# [Task prompt]
Write out again, please, the records below from the first line to the line holding "exact: sqr_ge0.", inclusive, and nothing else.

** Supplied records follows **

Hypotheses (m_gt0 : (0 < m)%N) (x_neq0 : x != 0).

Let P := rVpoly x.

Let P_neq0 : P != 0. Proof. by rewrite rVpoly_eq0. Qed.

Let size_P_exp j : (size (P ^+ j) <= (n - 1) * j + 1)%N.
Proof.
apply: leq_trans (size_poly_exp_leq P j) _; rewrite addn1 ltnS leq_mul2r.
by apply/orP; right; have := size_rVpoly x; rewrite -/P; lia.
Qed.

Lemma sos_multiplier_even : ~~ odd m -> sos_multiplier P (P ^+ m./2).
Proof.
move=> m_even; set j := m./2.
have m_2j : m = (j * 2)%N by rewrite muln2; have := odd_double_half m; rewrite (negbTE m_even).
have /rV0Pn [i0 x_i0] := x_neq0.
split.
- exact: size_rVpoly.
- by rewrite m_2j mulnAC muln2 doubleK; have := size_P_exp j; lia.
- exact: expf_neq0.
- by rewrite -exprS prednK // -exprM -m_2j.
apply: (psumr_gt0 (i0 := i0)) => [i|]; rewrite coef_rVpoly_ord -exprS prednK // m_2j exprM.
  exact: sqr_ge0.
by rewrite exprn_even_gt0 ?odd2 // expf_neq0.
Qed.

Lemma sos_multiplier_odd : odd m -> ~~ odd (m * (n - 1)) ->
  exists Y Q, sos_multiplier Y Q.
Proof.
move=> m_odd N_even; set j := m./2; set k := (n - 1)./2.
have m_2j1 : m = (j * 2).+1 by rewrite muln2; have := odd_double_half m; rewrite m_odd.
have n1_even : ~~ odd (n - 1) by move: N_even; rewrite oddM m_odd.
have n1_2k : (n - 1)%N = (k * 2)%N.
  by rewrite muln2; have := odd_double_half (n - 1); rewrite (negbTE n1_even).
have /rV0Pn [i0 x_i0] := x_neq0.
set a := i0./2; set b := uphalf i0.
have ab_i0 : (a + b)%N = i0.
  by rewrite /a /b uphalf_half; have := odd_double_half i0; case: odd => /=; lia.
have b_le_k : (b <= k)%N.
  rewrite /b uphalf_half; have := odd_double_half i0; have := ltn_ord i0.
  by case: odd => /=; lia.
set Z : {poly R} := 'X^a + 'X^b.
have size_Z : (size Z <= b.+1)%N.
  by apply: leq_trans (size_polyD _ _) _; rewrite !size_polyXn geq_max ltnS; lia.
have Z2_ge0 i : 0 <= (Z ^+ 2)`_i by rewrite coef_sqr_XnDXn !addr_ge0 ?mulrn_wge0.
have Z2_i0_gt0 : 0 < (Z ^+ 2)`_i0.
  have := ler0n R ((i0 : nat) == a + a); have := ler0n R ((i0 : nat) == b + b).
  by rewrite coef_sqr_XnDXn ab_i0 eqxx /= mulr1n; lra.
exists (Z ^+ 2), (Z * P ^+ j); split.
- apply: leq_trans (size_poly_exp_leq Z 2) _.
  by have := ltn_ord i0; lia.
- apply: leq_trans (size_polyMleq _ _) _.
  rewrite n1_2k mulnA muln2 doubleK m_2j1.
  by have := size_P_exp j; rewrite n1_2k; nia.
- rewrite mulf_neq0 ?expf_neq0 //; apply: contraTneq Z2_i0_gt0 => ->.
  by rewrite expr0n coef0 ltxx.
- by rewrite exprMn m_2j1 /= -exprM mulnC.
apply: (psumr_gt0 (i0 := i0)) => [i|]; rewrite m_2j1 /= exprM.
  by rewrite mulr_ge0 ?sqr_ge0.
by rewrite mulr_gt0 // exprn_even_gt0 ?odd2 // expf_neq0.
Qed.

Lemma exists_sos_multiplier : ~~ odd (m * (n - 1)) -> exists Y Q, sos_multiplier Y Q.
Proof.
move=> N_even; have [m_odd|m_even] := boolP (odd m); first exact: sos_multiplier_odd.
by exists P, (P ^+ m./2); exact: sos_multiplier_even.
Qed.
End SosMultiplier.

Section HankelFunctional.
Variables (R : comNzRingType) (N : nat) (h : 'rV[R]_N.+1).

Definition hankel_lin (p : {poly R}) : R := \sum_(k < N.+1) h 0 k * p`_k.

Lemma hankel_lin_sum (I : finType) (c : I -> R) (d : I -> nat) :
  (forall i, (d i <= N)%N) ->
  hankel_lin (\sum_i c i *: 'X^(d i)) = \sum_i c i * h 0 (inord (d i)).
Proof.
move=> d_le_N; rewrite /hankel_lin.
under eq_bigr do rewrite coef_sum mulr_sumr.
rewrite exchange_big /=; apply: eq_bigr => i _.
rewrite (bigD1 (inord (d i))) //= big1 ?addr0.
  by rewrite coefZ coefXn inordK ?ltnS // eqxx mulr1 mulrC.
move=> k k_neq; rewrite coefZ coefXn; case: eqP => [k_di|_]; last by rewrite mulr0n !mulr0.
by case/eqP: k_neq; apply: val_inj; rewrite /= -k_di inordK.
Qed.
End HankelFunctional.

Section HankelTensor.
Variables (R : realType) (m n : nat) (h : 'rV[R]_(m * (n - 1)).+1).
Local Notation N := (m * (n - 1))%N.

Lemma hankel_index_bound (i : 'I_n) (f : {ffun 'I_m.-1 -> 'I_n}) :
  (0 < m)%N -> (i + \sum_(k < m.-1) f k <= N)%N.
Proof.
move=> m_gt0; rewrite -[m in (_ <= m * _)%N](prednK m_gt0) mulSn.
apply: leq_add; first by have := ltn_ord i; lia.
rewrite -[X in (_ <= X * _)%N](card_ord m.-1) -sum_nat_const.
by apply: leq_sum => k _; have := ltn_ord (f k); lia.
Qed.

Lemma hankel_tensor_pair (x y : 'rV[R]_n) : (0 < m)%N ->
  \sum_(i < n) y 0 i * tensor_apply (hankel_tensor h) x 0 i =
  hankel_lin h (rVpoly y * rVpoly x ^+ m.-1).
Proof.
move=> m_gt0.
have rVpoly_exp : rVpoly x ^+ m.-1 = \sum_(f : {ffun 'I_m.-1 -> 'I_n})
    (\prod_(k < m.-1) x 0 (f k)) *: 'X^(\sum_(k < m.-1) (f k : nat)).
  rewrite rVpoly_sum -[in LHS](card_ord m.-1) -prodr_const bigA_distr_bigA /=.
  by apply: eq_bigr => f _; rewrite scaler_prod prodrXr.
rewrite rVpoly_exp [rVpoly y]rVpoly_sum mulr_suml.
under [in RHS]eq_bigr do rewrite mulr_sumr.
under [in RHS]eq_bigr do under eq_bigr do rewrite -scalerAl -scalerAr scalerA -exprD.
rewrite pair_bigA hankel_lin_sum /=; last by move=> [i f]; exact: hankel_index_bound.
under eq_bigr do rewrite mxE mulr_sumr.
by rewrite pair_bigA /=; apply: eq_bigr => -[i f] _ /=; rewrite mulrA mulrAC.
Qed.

** End of Supplied records **

# [Written reply]
Hypotheses (m_gt0 : (0 < m)%N) (x_neq0 : x != 0).

Let P := rVpoly x.

Let P_neq0 : P != 0. Proof. by rewrite rVpoly_eq0. Qed.

Let size_P_exp j : (size (P ^+ j) <= (n - 1) * j + 1)%N.
Proof.
apply: leq_trans (size_poly_exp_leq P j) _; rewrite addn1 ltnS leq_mul2r.
by apply/orP; right; have := size_rVpoly x; rewrite -/P; lia.
Qed.

Lemma sos_multiplier_even : ~~ odd m -> sos_multiplier P (P ^+ m./2).
Proof.
move=> m_even; set j := m./2.
have m_2j : m = (j * 2)%N by rewrite muln2; have := odd_double_half m; rewrite (negbTE m_even).
have /rV0Pn [i0 x_i0] := x_neq0.
split.
- exact: size_rVpoly.
- by rewrite m_2j mulnAC muln2 doubleK; have := size_P_exp j; lia.
- exact: expf_neq0.
- by rewrite -exprS prednK // -exprM -m_2j.
apply: (psumr_gt0 (i0 := i0)) => [i|]; rewrite coef_rVpoly_ord -exprS prednK // m_2j exprM.
  exact: sqr_ge0.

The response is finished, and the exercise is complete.